Jan 6 16:45:00 ffm-sbc-2b kernel: [3341017.308014] TIPC: Resetting link 
<1.1.2:bond0-1.1.1:bond0>, peer not responding
Jan 6 16:45:00 ffm-sbc-2b kernel: [3341017.308021] TIPC: Lost link 
<1.1.2:bond0-1.1.1:bond0> on network plane A
Jan 6 16:45:00 ffm-sbc-2b kernel: [3341017.308026] TIPC: Lost contact with 
<1.1.1>
Jan 6 16:45:01 ffm-sbc-2b osaffmd[4898]: NO Node Down event for node id 2010f:
Jan 6 16:45:01 ffm-sbc-2b osaffmd[4898]: NO Done Locking applications on node 
id:2010f ret val:0
Jan 6 16:45:01 ffm-sbc-2b osafclmd[4963]: NO Node 131343 went down.

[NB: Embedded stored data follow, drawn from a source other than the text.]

(* The mean value inequality for [t ^ -q] on [[y, y + 1]]. *)
Lemma Rpower_telescope (q y : R) : 0 < q -> 0 < y ->
  q * Rpower (y + 1) (- (q + 1)) <= Rpower y (- q) - Rpower (y + 1) (- q).
Proof.
  intros Hq Hy. set (z := y + 1). assert (Hz : 0 < z) by (unfold z; lra).
  assert (Hdown : Rpower y (- q) = Rpower z (- q) * exp (q * (ln z - ln y))).
  { unfold Rpower. rewrite <- exp_plus. f_equal. ring. }
  assert (Hshift : Rpower z (- (q + 1)) = Rpower z (- q) * / z).
  { replace (- (q + 1)) with (- q + - (1)) by ring.
    rewrite Rpower_plus, (Rpower_Ropp z 1), Rpower_1 by exact Hz. reflexivity. }
  assert (Hlog : / z <= ln z - ln y).
  { assert (Hinv : 0 < / z) by now apply Rinv_0_lt_compat.
    pose proof (ln_le_sub_1 (y * / z) (Rmult_lt_0_compat _ _ Hy Hinv)) as H.
    rewrite ln_mult, ln_Rinv in H by assumption.
    replace (y * / z - 1) with (- / z) in H by (unfold z; field; lra).
    lra. }
  pose proof (exp_ineq1_le (q * (ln z - ln y))) as Hexp.
  assert (Hpos : 0 < Rpower z (- q)) by apply exp_pos.
  rewrite Hdown, Hshift.
  assert (q * / z <= q * (ln z - ln y)) by (apply Rmult_le_compat_l; lra).
  nra.
Qed.

Lemma exp_le_compat (x y : R) : x <= y -> exp x <= exp y.
Proof. intros [H | ->]; [left; now apply exp_increasing | now right]. Qed.

Lemma c2_weight_succ_le (s A : R) (j : nat) : 0 < s -> 1 <= A ->
  c2 (S j) ^ 2 / Rpower (A + (INR (S j) * PI) ^ 2) (2 * s)
  <= 2 * Rpower 2 (2 * s) * Rpower (sqrt A + INR (S j)) (- (4 * s)).
Proof.
  intros Hs HA.
  set (m := INR (S j)). set (B := sqrt A). set (X := A + (m * PI) ^ 2).
  assert (Hm : 1 <= m) by (unfold m; rewrite S_INR; pose proof (pos_INR j); lra).
  assert (HB : 0 <= B) by apply sqrt_pos.
  assert (HBB : B * B = A) by (apply sqrt_sqrt; lra).
  assert (HX : (B + m) ^ 2 / 2 <= X).
  { unfold X. pose proof PI2_1.
    assert (m * m <= (m * PI) ^ 2).
    { replace ((m * PI) ^ 2) with (m * m * (PI * PI)) by ring.
      assert (1 <= PI * PI) by nra. assert (0 <= m * m) by nra. nra. }
    assert (0 <= (B - m) ^ 2) by apply pow2_ge_0. nra. }
  assert (Hlog : 2 * ln (B + m) - ln 2 <= ln X).
  { replace (2 * ln (B + m) - ln 2) with (ln ((B + m) ^ 2 / 2)).
    - apply ln_le; [nra | exact HX].
    - unfold Rdiv. rewrite ln_mult, ln_Rinv, ln_pow by nra. simpl. ring. }
  replace (c2 (S j) ^ 2) with 2 by (unfold c2; simpl; rewrite Rmult_1_r, sqrt2_mul_sqrt2; ring).
  unfold Rdiv. rewrite Rmult_assoc. apply Rmult_le_compat_l; [lra|].
  rewrite <- Rpower_Ropp. unfold Rpower. rewrite <- exp_plus.
  apply exp_le_compat. nra.
Qed.

Lemma c2_weight_sum_le (s A : R) (n : nat) : 1/4 < s -> 1 <= A ->
  sum_f_R0 (fun j => c2 j ^ 2 / Rpower (A + (INR j * PI) ^ 2) (2 * s)) n
  <= Rpower A (- (2 * s)) + 2 * Rpower 2 (2 * s) / (4 * s - 1) * Rpower (sqrt A) (- (4 * s - 1)).
Proof.
  intros Hs HA. set (q := 4 * s - 1). set (K := 2 * Rpower 2 (2 * s) / q).
  assert (Hq : 0 < q) by (unfold q; lra).
  assert (HK : 0 < K).
  { apply Rdiv_lt_0_compat; [apply Rmult_lt_0_compat; [lra | apply exp_pos] | exact Hq]. }
  assert (HB : 1 <= sqrt A) by (rewrite <- sqrt_1; apply sqrt_le_1_alt; exact HA).
  eapply Rle_trans.
  { apply (sum_telescoping_le _ (fun j => K * Rpower (sqrt A + INR j) (- q))).
    intros j. eapply Rle_trans; [apply c2_weight_succ_le; lra|].
    set (y := sqrt A + INR j).
    assert (Hy : 0 < y) by (unfold y; pose proof (pos_INR j); lra).
    replace (sqrt A + INR (S j)) with (y + 1) by (unfold y; rewrite S_INR; ring).
    replace (- (4 * s)) with (- (q + 1)) by (unfold q; ring).
    replace (2 * Rpower 2 (2 * s) * Rpower (y + 1) (- (q + 1)))
      with (K * (q * Rpower (y + 1) (- (q + 1)))) by (unfold K; field; lra).
    rewrite <- Rmult_minus_distr_l.
    apply Rmult_le_compat_l; [lra | now apply Rpower_telescope]. }
  assert (Hfirst : c2 0 ^ 2 / Rpower (A + (INR 0 * PI) ^ 2) (2 * s) = Rpower A (- (2 * s))).
  { rewrite Rpower_Ropp. unfold c2. simpl.
    replace (A + 0 * PI * (0 * PI * 1)) with A by ring. field. apply Rgt_not_eq, exp_pos. }
  cbv beta. rewrite Hfirst. change (INR 0) with 0. rewrite Rplus_0_r.
  assert (0 < K * Rpower (sqrt A + INR n) (- q))
    by (apply Rmult_lt_0_compat; [exact HK | apply exp_pos]).
  lra.
Qed.

Definition trace_const (s : R) : R := 1 + 2 * Rpower 2 (2 * s) / (4 * s - 1).

Lemma trace_const_pos (s : R) : 1/4 < s -> 0 < trace_const s.
Proof.
  intros Hs. unfold trace_const.
  assert (0 < 2 * Rpower 2 (2 * s) / (4 * s - 1)).
  { apply Rdiv_lt_0_compat; [apply Rmult_lt_0_compat; [lra | apply exp_pos] | lra]. }
  lra.
Qed.

Lemma c2_weight_sum_scaled_le (s A : R) (n : nat) : 1/4 < s -> 1 <= A ->
  Rpower A (2 * (s - 1/4)) *
    sum_f_R0 (fun j => c2 j ^ 2 / Rpower (A + (INR j * PI) ^ 2) (2 * s)) n
  <= trace_const s.
Proof.
  intros Hs HA. set (K := 2 * Rpower 2 (2 * s) / (4 * s - 1)).
  eapply Rle_trans.
  { apply Rmult_le_compat_l; [left; apply exp_pos | now apply c2_weight_sum_le]. }
  fold K. rewrite Rmult_plus_distr_l.
  assert (Hdecay : Rpower A (2 * (s - 1/4)) * Rpower A (- (2 * s)) <= 1).
  { rewrite <- Rpower_plus. apply Rle_trans with (Rpower A 0).
    - apply Rle_Rpower; lra.
    - right. apply Rpower_O. lra. }
  assert (Hcancel : Rpower A (2 * (s - 1/4)) * Rpower (sqrt A) (- (4 * s - 1)) = 1).
  { rewrite <- Rpower_sqrt, Rpower_mult, <- Rpower_plus by lra.
    replace (2 * (s - 1/4) + / 2 * - (4 * s - 1)) with 0 by field. apply Rpower_O. lra. }
  replace (Rpower A (2 * (s - 1/4)) * (K * Rpower (sqrt A) (- (4 * s - 1))))
    with (K * (Rpower A (2 * (s - 1/4)) * Rpower (sqrt A) (- (4 * s - 1)))) by ring.
  rewrite Hcancel. unfold trace_const. fold K. lra.
Qed.

Lemma Cauchy_Schwarz_sum (x y : nat -> R) (n : nat) :
  sum_f_R0 (fun i => x i * y i) n ^ 2 <=
  sum_f_R0 (fun i => x i ^ 2) n * sum_f_R0 (fun i => y i ^ 2) n.
Proof.
  induction n as [|n IH]; cbn [sum_f_R0]; [nra|].
  set (P := sum_f_R0 (fun i => x i * y i) n) in *.
  set (X := sum_f_R0 (fun i => x i ^ 2) n) in *.
  set (Y := sum_f_R0 (fun i => y i ^ 2) n) in *.
  set (a := x (S n)). set (b := y (S n)).
  assert (HX : 0 <= X) by (apply cond_pos_sum; intros; apply pow2_ge_0).
  assert (HY : 0 <= Y) by (apply cond_pos_sum; intros; apply pow2_ge_0).
  (* [2abP <= a^2 Y + b^2 X] since the difference of squares is
     [(a^2 Y - b^2 X)^2 + 4 a^2 b^2 (XY - P^2)]. *)
  assert (Hcross : 2 * a * b * P <= a * a * Y + b * b * X).
  { assert (HQ : 0 <= a * a * Y + b * b * X) by nra.
    assert (0 <= (a * a * Y - b * b * X) ^ 2) by apply pow2_ge_0.
    assert (0 <= 4 * (a * a) * (b * b) * (X * Y - P ^ 2)) by (apply Rmult_le_pos; nra).
    destruct (Rle_or_lt (2 * a * b * P) (a * a * Y + b * b * X)) as [|Hlt]; [assumption | nra]. }
  replace ((X + a ^ 2) * (Y + b ^ 2)) with (X * Y + (a * a * Y + b * b * X) + (a * b) ^ 2) by ring.
  replace ((P + a * b) ^ 2) with (P ^ 2 + 2 * a * b * P + (a * b) ^ 2) by ring.
  lra.
Qed.

Lemma weighted_Cauchy_Schwarz_sum (x y w : nat -> R) (n : nat) : (forall j, 0 < w j) ->
  sum_f_R0 (fun j => x j * y j) n ^ 2 <=
  sum_f_R0 (fun j => x j ^ 2 / w j) n * sum_f_R0 (fun j => w j * y j ^ 2) n.
Proof.
  intros Hw.
  assert (Hsqrt : forall j, 0 < sqrt (w j)) by (intros; apply sqrt_lt_R0, Hw).
  assert (Hsq : forall j, sqrt (w j) ^ 2 = w j) by (intros; apply pow2_sqrt, Rlt_le, Hw).
  pose proof (Cauchy_Schwarz_sum (fun j => x j / sqrt (w j)) (fun j => sqrt (w j) * y j) n) as H.
  rewrite (sum_eq (fun j => x j / sqrt (w j) * (sqrt (w j) * y j)) (fun j => x j * y j)),
    (sum_eq (fun j => (x j / sqrt (w j)) ^ 2) (fun j => x j ^ 2 / w j)),
    (sum_eq (fun j => (sqrt (w j) * y j) ^ 2) (fun j => w j * y j ^ 2)) in H.
  - exact H.
  - intros j _. now rewrite Rpow_mult_distr, Hsq.
  - intros j _. unfold Rdiv. now rewrite Rpow_mult_distr, pow_inv, Hsq.
  - intros j _. specialize (Hsqrt j). field. lra.
Qed.

Lemma trace_row_le (s A : R) (b : nat -> R) (M : nat) : 1/4 < s -> 1 <= A ->
  Rpower A (2 * (s - 1/4)) * sum_f_R0 (fun j => b j * c2 j) M ^ 2
  <= trace_const s * sum_f_R0 (fun j => Rpower (A + (INR j * PI) ^ 2) (2 * s) * b j ^ 2) M.
Proof.
  intros Hs HA.
  pose proof (weighted_Cauchy_Schwarz_sum c2 b (fun j => Rpower (A + (INR j * PI) ^ 2) (2 * s)) M
    (fun j => exp_pos _)) as Hcs.
  rewrite (sum_eq (fun j => b j * c2 j) (fun j => c2 j * b j)) by (intros; ring).
  assert (Hweights : 0 <= sum_f_R0 (fun j => Rpower (A + (INR j * PI) ^ 2) (2 * s) * b j ^ 2) M).
  { apply cond_pos_sum. intros j. apply Rmult_le_pos; [left; apply exp_pos | apply pow2_ge_0]. }
  eapply Rle_trans; [apply Rmult_le_compat_l; [left; apply exp_pos | exact Hcs]|].
  rewrite <- Rmult_assoc. apply Rmult_le_compat_r; [exact Hweights|].
  now apply c2_weight_sum_scaled_le.
Qed.

Lemma Rlim_eventually_const (U : nat -> R) (K : nat) (l : R) :
  (forall n, (K <= n)%nat -> U n = l) -> Un_cv U l /\ Rlim U = l.
Proof.
  intros HU.
  assert (Hcv : Un_cv U l).
  { intros eps Heps. exists K. intros n Hn. rewrite HU by lia. unfold R_dist.
    rewrite Rminus_diag, Rabs_R0. exact Heps. }
  split; [exact Hcv|].
  unfold Rlim. destruct (excluded_middle_informative _) as [h|h].
  - destruct (constructive_indefinite_description _ h) as [l' Hl']. simpl.
    exact (UL_sequence _ _ _ Hl' Hcv).
  - exfalso. apply h. now exists l.
Qed.

Lemma XI_partial_Tr_lincomb (s : R) (N M : nat) (a : nat -> nat -> R) (n : nat) :
  (N <= n)%nat ->
  XI_partial s (Tr (lincomb N M a)) n =
  sum_f_R0 (fun i => Rpower (1 - lamI i) (2 * s) * sum_f_R0 (fun j => a i j * c2 j) M ^ 2) N.
Proof.
  intros Hn. unfold XI_partial. rewrite (sum_f_R0_stable _ N n); [| | exact Hn].
  - apply sum_eq. intros i Hi. rewrite ipI_Tr_lincomb.
    now destruct (Nat.leb_spec i N); [|lia].
  - intros i Hi. rewrite ipI_Tr_lincomb. destruct (Nat.leb_spec i N); [lia|]. ring.
Qed.

Lemma XO_partial_lincomb (s : R) (N M : nat) (a : nat -> nat -> R) (n : nat) :
  (N <= n)%nat -> (M <= n)%nat ->
  XO_partial s (lincomb N M a) n =
  sum_f_R0 (fun i => sum_f_R0 (fun j => Rpower (1 - lamO i j) (2 * s) * a i j ^ 2) M) N.
Proof.
  intros HN HM. unfold XO_partial. rewrite (sum_f_R0_stable _ N n); [| | exact HN].
  - apply sum_eq. intros i Hi. rewrite (sum_f_R0_stable _ M n); [| | exact HM].
    + apply sum_eq. intros j Hj. rewrite ipO_lincomb.
      now destruct (Nat.leb_spec i N), (Nat.leb_spec j M); try lia.
    + intros j Hj. rewrite ipO_lincomb. destruct (Nat.leb_spec j M); [lia|].
      destruct (i <=? N)%nat; ring.
  - intros i Hi. apply sum_eq_R0. intros j _. rewrite ipO_lincomb.
    destruct (Nat.leb_spec i N); [lia|]. ring.
Qed.

Lemma one_le_one_minus_lamI (i : nat) : 1 <= 1 - lamI i.
Proof. unfold lamI. pose proof (pow2_ge_0 (INR i * PI / 2)). lra. Qed.

Lemma one_minus_lamO_eq (i j : nat) : 1 - lamO i j = (1 - lamI i) + (INR j * PI) ^ 2.
Proof. unfold lamO, lamI. ring. Qed.

Lemma trace_sum_le (s : R) (N M : nat) (a : nat -> nat -> R) : 1/4 < s ->
  sum_f_R0 (fun i => Rpower (1 - lamI i) (2 * (s - 1/4)) *
                       sum_f_R0 (fun j => a i j * c2 j) M ^ 2) N
  <= trace_const s *
     sum_f_R0 (fun i => sum_f_R0 (fun j => Rpower (1 - lamO i j) (2 * s) * a i j ^ 2) M) N.
Proof.
  intros Hs. rewrite scal_sum. apply sum_Rle. intros i _.
  rewrite (Rmult_comm _ (trace_const s)),
    (sum_eq (fun j => Rpower (1 - lamO i j) (2 * s) * a i j ^ 2)
            (fun j => Rpower ((1 - lamI i) + (INR j * PI) ^ 2) (2 * s) * a i j ^ 2))
    by (intros j _; now rewrite one_minus_lamO_eq).
  apply trace_row_le; [exact Hs | apply one_le_one_minus_lamI].
Qed.

Theorem lemma12 (s : R) (hs : 1/4 < s) :
  exists C : R, forall (N M : nat) (a : nat -> nat -> R),
    in_XI (s - 1/4) (Tr (lincomb N M a)) /\
    XI_norm (s - 1/4) (Tr (lincomb N M a)) <= C * XO_norm s (lincomb N M a).
Proof.
  exists (sqrt (trace_const s)). intros N M a.
  destruct (Rlim_eventually_const (XI_partial (s - 1/4) (Tr (lincomb N M a))) N _
              (fun n Hn => XI_partial_Tr_lincomb _ N M a n Hn)) as [HcvI HlimI].
  destruct (Rlim_eventually_const (XO_partial s (lincomb N M a)) (max N M) _
              (fun n Hn => XO_partial_lincomb s N M a n (Nat.max_lub_l _ _ _ Hn)
                             (Nat.max_lub_r _ _ _ Hn))) as [_ HlimO].
  split; [eexists; exact HcvI|].
  unfold XI_norm, XO_norm. rewrite HlimI, HlimO.
  rewrite <- sqrt_mult_alt by (left; now apply trace_const_pos).
  apply sqrt_le_1_alt. now apply trace_sum_le.
Qed.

Not sending 
track callback for agents on that node
Jan 6 16:45:01 ffm-sbc-2b osafclmd: Last message 'NO Node 131343 went ' 
repeated 5 times, suppressed by syslog-ng on ffm-sbc-2b.mydomain.com
Jan 6 16:45:01 ffm-sbc-2b osaffmd[4898]: NO Current role: ACTIVE
Jan 6 16:45:01 ffm-sbc-2b osaffmd[4898]: Rebooting OpenSAF NodeId = 131343 EE 
Name = , Reason: Received Node Down for peer controller, OwnNodeId = 131599, 
SupervisionTime = 60
Jan 6 16:45:01 ffm-sbc-2b osafamfd[4986]: NO Node 'SC-1' left the cluster
Jan 6 16:45:01 ffm-sbc-2b osafimmd[4910]: WA IMMD lost contact with peer IMMD 
(NCSMDS_RED_DOWN)
Jan 6 16:45:01 ffm-sbc-2b osafimmnd[4922]: NO Global discard node received for 
nodeId:2010f pid:5047
Jan 6 16:45:01 ffm-sbc-2b osafimmnd[4922]: NO Implementer disconnected 121 <0, 
2010f(down)> (MsgQueueService131343)
Jan 6 16:45:01 ffm-sbc-2b osafimmnd[4922]: NO Implementer disconnected 120 <0, 
2010f(down)> (@safAmfService2010f)
Jan 6 16:45:01 ffm-sbc-2b osafimmnd[4922]: NO Implementer connected: 122 
(MsgQueueService131343) <592, 2020f>
Jan 6 16:45:01 ffm-sbc-2b osafimmnd[4922]: NO Implementer locally disconnected. 
Marking it as doomed 122 <592, 2020f> (MsgQueueService131343)
Jan 6 16:45:01 ffm-sbc-2b osafimmnd[4922]: NO Implementer disconnected 122 
<592, 2020f> (MsgQueueService131343)
Jan 6 16:45:01 ffm-sbc-2b opensaf_reboot: No lock is in progress going to 
process further...

On standby machine :

I observed rcu_bh_state, and kernel stack dumo when TIPC lost link was occured 
on ACTIVE machine and after 6 sec we got link lost message on standby machine.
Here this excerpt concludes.